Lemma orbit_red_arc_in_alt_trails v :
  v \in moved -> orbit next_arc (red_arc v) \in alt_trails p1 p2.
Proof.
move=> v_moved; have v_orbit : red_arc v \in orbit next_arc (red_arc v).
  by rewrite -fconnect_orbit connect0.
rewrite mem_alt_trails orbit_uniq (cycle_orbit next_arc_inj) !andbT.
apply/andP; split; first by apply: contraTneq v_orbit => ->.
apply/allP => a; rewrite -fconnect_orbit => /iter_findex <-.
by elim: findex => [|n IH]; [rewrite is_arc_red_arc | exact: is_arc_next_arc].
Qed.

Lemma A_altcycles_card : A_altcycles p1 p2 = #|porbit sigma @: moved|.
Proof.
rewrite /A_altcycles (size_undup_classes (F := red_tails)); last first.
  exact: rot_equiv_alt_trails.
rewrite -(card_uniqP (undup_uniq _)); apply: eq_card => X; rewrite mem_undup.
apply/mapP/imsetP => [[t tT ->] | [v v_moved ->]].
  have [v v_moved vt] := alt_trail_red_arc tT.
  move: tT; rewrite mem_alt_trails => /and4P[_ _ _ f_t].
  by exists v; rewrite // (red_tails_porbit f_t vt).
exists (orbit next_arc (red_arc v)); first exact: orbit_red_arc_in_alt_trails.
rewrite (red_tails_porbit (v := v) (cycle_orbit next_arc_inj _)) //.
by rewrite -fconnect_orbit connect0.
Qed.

◆ ◆ ◆

*Problem requirements*. Please transcribe the full listing exactly, down to the last line.

*Response to the exercise*.
Lemma orbit_red_arc_in_alt_trails v :
  v \in moved -> orbit next_arc (red_arc v) \in alt_trails p1 p2.
Proof.
move=> v_moved; have v_orbit : red_arc v \in orbit next_arc (red_arc v).
  by rewrite -fconnect_orbit connect0.
rewrite mem_alt_trails orbit_uniq (cycle_orbit next_arc_inj) !andbT.
apply/andP; split; first by apply: contraTneq v_orbit => ->.
apply/allP => a; rewrite -fconnect_orbit => /iter_findex <-.
by elim: findex => [|n IH]; [rewrite is_arc_red_arc | exact: is_arc_next_arc].
Qed.

Lemma A_altcycles_card : A_altcycles p1 p2 = #|porbit sigma @: moved|.
Proof.
rewrite /A_altcycles (size_undup_classes (F := red_tails)); last first.
  exact: rot_equiv_alt_trails.
rewrite -(card_uniqP (undup_uniq _)); apply: eq_card => X; rewrite mem_undup.
apply/mapP/imsetP => [[t tT ->] | [v v_moved ->]].
  have [v v_moved vt] := alt_trail_red_arc tT.
  move: tT; rewrite mem_alt_trails => /and4P[_ _ _ f_t].
  by exists v; rewrite // (red_tails_porbit f_t vt).
exists (orbit next_arc (red_arc v)); first exact: orbit_red_arc_in_alt_trails.
rewrite (red_tails_porbit (v := v) (cycle_orbit next_arc_inj _)) //.
by rewrite -fconnect_orbit connect0.
Qed.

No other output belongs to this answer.